The machine can connect to any SCSI CD drive, via either the SCSI connector on the back or by connecting it to any spare internal SCSI connector via a 50-pin cable.

== Network support ==
The SPARCstation 1 comes with an on-board AMD Lance Ethernet chipset and a 15-pin AUI connector, which can connect to 10BASE2, 10BASE5 or 10BASE-T via an appropriate transceiver. The OpenBoot ROM is able to boot from network, using RARP and TFTP. Like all other SPARCstation systems, the SPARCstation 1 holds system information such as MAC address and host id (serial number) in NVRAM. If the battery on this chip dies, then the system will not be able to boot.

== NVRAM ==
The SPARCstation 1 uses an M48T02 battery-backed RTC with RAM chip which handles the real time clock and boot parameter storage. A problem with this chip is that the battery is internal, which means the entire chip must be replaced when its battery runs out. As all SPARCstation 1s made are now older than the battery life of this chip, a substantial number of these systems now refuse to boot. Additionally, the SPARCstation 1 design used the reserved bits in the M48T02's NVRAM in a non-standard way; since later revisions of the M48T02 chip exert stricter control over these bits, a current M48T02 will store the NVRAM data, but the RTC will not function correctly and the system may fail to auto-boot.

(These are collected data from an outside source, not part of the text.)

(** Put [z = 1/(c+1)], so that [1/c = z/(1-z)].  Since
    [sum_K binom(K,m) z^K = z^m/(1-z)^(m+1) = ((c+1)/c) (1/c)^m], the function
    [((c+1)/c) Sdouble n a b c] is the power series in [z] whose coefficients are
    the binomial moments [sum_m X_m binom(K,m)] of the coefficients [X_m] of
    [Sdouble] as a polynomial in [1/c].  By Chu-Vandermonde the [K]-th moment is
    [sum_(j<=n) binom(n+a+1+K, j)/binom(n+b, j)], and writing binomials as
    Pochhammer symbols turns it into
    [(n+b+1) ((a+K+1)_(n+1) - (b+1)_(n+1)) / ((a-b+K) (b+1)_(n+1))], a divided
    difference of the Pochhammer polynomial.
    (i) The right-hand double sum has the same moments up to the factor
    [(b+1)/(n+b+1)], and the moments [K = 0..n] determine a polynomial of
    degree [<= n] since [binom(K,m)] is triangular.
    (ii) Splitting the divided difference gives the [3F2] and [2F1] series.
    (iii) For [a = b - m] the moment [K = m] is the [0/0] case of the divided
    difference, namely [(b+1)_(n+1) sum_i 1/(b+1+i)], a difference of digamma
    values; the moments [K < m] give the finite sum, and those [K > m] the
    [3F2] series plus [sum_k z^k/k = -log(1 - z)]. *)

Open Scope C_scope.

Lemma Cx_ext (z w : Cx) : Re z = Re w -> Im z = Im w -> z = w.
Proof. destruct z, w; simpl; intros; subst; reflexivity. Qed.

Lemma Cx_ring : ring_theory (RtoC 0) (RtoC 1) Cadd Cmul Csub Copp (@eq Cx).
Proof. constructor; intros; apply Cx_ext; simpl; ring. Qed.

Lemma RtoC_1_neq_0 : RtoC 1 <> RtoC 0.
Proof. intro H. injection H. lra. Qed.

Lemma Cx_field : field_theory (RtoC 0) (RtoC 1) Cadd Cmul Csub Copp Cdiv Cinv (@eq Cx).
Proof.
  constructor.
  - exact Cx_ring.
  - exact RtoC_1_neq_0.
  - reflexivity.
  - intros [x y] Hp.
    assert (Hd : (x * x + y * y <> 0)%R).
    { intro H. apply Hp.
      assert (x = 0 /\ y = 0)%R as [-> ->] by nra. reflexivity. }
    apply Cx_ext; unfold Cinv, Cmul; simpl; field; exact Hd.
Qed.

Add Field Cxfield : Cx_field.

Lemma Cmul_neq0 (z w : Cx) : z <> RtoC 0 -> w <> RtoC 0 -> z * w <> RtoC 0.
Proof.
  intros Hz Hw E. apply RtoC_1_neq_0.
  replace (RtoC 1) with (z * w * (Cinv z * Cinv w)) by (field; auto).
  rewrite E. ring.
Qed.
Lemma Cdiv_neq0 (z w : Cx) : z <> RtoC 0 -> w <> RtoC 0 -> z / w <> RtoC 0.
Proof.
  intros Hz Hw E. apply Hz. replace z with (z / w * w) by (field; auto). rewrite E. ring.
Qed.

Lemma RtoC_add (x y : R) : RtoC (x + y) = RtoC x + RtoC y.
Proof. apply Cx_ext; simpl; ring. Qed.
Lemma RtoC_mul (x y : R) : RtoC (x * y) = RtoC x * RtoC y.
Proof. apply Cx_ext; simpl; ring. Qed.
Lemma RtoC_sub (x y : R) : RtoC (x - y) = RtoC x - RtoC y.
Proof. apply Cx_ext; simpl; ring. Qed.
Lemma RtoC_inj (x y : R) : RtoC x = RtoC y -> x = y.
Proof. intro H; injection H; auto. Qed.
Lemma RtoC_neq (x y : R) : x <> y -> RtoC x <> RtoC y.
Proof. intros H H'; apply H, RtoC_inj, H'. Qed.
Lemma Cinv_RtoC (x : R) : x <> 0%R -> Cinv (RtoC x) = RtoC (/ x).
Proof. intros H. apply Cx_ext; simpl; field; auto. Qed.

Lemma Cx_eq_dec (z w : Cx) : {z = w} + {z <> w}.
Proof.
  destruct z as [x y], w as [x' y'].
  destruct (Req_dec_T x x'); destruct (Req_dec_T y y'); subst; auto;
  right; intro H; injection H; auto.
Qed.

Lemma CofNat_0 : CofNat 0 = RtoC 0.
Proof. reflexivity. Qed.
Lemma CofNat_S (k : nat) : CofNat (S k) = CofNat k + RtoC 1.
Proof. unfold CofNat. rewrite S_INR. apply RtoC_add. Qed.
Lemma CofNat_add (p q : nat) : CofNat (p + q) = CofNat p + CofNat q.
Proof. unfold CofNat. rewrite plus_INR. apply RtoC_add. Qed.
Lemma CofNat_sub (p q : nat) : (q <= p)%nat -> CofNat (p - q) = CofNat p - CofNat q.
Proof.
  intros H. replace (CofNat p) with (CofNat ((p - q) + q)) by (f_equal; lia).
  rewrite CofNat_add. ring.
Qed.
Lemma CofNat_fact_S (j : nat) : CofNat (fact (S j)) = CofNat (S j) * CofNat (fact j).
Proof. unfold CofNat. rewrite <- RtoC_mul, <- mult_INR. reflexivity. Qed.
Lemma CofNat_S_neq0 (k : nat) : CofNat (S k) <> RtoC 0.
Proof. apply RtoC_neq, not_0_INR. lia. Qed.
Lemma CofNat_fact_neq0 (k : nat) : CofNat (fact k) <> RtoC 0.
Proof. apply RtoC_neq, INR_fact_neq_0. Qed.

Due to incompatibilities with modern M48T02s, it is common to modify failed NVRAMs by cutting into the encapsulation and patching in a new battery. It is also possible to replace the entire encapsulation, which also contains a 32.768 kHz clock crystal.

== Operating systems ==
The SPARCstation 1, 1+, IPC and SLC can run the following operating systems:
- SunOS 4.0.3c through 5.7 (Solaris 7)
- Linux (modern versions may have trouble with the limited amount of memory in these machines)
- NetBSD 1.0 onwards
- OpenBSD (all versions up to 5.9 – OpenBSD 5.9 was the last release to support SPARC32)

== Notable uses ==
- Four or five SPARCstation 1 units were used by Game Freak to develop Pokémon Red and Green.

== Related computers ==
The SPARCstation 1+ (Sun 4/65) pushed the CPU to a 25 MHz LSI L64801, upgraded the coprocessor to a Weitek 3172 and installed a new SCSI controller, announced in April 1990.

The SPARCstation IPC (Sun 4/40) is a version of the SPARCstation 1+ in a lunchbox style case and onboard video.

The SPARCstation SLC (Sun 4/20) is a version of the SPARCstation 1+ built into a monitor cabinet, announced in May 1990.

The SPARCstation 2 (Sun 4/75) is the machine's successor and was released in November 1990.